### Exercise
Scan the entries for the word "case". Every line that has it should be copied.

Saved entries:
_ _ _ _

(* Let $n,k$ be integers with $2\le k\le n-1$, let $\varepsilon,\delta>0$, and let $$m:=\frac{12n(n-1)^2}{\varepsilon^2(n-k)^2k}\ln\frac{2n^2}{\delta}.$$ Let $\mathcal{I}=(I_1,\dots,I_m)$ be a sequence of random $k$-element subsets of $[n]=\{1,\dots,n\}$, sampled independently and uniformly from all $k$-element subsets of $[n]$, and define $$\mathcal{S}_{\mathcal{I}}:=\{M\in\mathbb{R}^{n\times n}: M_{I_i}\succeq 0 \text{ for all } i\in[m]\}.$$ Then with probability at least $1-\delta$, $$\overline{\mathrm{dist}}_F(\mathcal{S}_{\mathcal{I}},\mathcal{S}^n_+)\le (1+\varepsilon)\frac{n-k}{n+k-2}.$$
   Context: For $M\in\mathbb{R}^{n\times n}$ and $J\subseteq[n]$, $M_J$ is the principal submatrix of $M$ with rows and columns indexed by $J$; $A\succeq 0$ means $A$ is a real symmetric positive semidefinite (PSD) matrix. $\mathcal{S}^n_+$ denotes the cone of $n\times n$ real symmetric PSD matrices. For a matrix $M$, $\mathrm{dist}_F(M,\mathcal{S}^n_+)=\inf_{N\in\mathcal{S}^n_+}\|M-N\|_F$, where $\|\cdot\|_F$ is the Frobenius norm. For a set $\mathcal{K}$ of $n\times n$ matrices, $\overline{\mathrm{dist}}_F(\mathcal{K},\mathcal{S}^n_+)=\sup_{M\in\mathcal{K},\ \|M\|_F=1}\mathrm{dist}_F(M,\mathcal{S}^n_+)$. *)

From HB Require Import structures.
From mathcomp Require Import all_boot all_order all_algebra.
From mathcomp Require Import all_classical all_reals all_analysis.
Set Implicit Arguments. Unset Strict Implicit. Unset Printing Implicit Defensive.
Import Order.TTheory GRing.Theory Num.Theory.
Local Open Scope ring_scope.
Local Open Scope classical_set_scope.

_ _ _ _

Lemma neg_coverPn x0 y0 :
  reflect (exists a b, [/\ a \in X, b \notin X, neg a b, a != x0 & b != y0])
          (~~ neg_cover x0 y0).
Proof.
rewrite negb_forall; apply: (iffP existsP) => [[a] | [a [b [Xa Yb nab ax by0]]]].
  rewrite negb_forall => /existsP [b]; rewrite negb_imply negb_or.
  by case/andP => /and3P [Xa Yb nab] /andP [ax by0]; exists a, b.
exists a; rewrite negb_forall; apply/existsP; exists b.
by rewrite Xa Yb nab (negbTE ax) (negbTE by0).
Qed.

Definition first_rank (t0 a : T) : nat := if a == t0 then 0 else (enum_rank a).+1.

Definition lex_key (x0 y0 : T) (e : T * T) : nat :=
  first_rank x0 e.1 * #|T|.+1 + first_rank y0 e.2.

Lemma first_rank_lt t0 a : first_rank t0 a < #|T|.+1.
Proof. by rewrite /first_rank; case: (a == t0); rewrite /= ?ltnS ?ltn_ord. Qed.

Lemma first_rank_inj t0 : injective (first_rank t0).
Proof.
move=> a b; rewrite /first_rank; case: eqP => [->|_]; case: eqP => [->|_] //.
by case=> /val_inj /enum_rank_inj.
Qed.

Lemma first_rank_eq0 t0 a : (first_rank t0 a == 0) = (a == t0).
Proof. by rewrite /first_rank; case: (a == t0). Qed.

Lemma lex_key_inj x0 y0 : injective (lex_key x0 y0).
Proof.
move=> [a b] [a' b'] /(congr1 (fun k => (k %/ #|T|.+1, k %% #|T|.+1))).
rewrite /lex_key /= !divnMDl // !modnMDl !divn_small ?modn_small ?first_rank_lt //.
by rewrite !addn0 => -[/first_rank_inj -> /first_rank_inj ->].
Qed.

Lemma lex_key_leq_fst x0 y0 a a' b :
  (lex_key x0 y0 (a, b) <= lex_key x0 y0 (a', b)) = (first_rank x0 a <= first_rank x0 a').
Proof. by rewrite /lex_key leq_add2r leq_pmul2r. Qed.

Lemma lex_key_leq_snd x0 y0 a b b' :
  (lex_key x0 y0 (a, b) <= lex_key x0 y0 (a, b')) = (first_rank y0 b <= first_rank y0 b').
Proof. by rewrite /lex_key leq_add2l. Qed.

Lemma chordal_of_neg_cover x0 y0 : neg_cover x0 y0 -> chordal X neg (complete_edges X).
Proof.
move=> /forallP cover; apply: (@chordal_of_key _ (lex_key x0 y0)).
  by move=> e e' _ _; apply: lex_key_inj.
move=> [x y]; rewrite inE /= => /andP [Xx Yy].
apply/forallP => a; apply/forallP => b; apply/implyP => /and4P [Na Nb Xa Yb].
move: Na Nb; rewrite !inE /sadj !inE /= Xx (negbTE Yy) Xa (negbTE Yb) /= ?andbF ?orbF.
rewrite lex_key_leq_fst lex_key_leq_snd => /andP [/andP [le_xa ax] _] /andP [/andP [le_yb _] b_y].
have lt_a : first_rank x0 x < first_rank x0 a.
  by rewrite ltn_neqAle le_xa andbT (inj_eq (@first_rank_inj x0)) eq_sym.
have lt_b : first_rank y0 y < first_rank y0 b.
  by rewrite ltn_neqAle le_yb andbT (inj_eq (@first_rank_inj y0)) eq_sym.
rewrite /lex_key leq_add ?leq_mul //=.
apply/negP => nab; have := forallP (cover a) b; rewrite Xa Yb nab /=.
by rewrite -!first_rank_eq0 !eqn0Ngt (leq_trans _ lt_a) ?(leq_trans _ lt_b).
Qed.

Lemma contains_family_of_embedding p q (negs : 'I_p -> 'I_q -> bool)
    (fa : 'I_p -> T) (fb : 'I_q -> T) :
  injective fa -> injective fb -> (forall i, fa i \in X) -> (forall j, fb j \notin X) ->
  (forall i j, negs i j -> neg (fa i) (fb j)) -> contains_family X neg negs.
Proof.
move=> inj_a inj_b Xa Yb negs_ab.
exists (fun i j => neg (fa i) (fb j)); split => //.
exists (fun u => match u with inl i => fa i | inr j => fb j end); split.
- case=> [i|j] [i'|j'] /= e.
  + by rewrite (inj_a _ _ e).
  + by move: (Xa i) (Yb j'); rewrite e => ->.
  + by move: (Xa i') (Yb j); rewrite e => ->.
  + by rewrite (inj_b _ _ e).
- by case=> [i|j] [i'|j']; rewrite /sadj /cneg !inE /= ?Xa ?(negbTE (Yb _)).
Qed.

_ _ _ _

### Task output
  by case/andP => /and3P [Xa Yb nab] /andP [ax by0]; exists a, b.
Proof. by rewrite /first_rank; case: (a == t0); rewrite /= ?ltnS ?ltn_ord. Qed.
move=> a b; rewrite /first_rank; case: eqP => [->|_]; case: eqP => [->|_] //.
by case=> /val_inj /enum_rank_inj.
Proof. by rewrite /first_rank; case: (a == t0). Qed.
- case=> [i|j] [i'|j'] /= e.
- by case=> [i|j] [i'|j']; rewrite /sadj /cneg !inE /= ?Xa ?(negbTE (Yb _)).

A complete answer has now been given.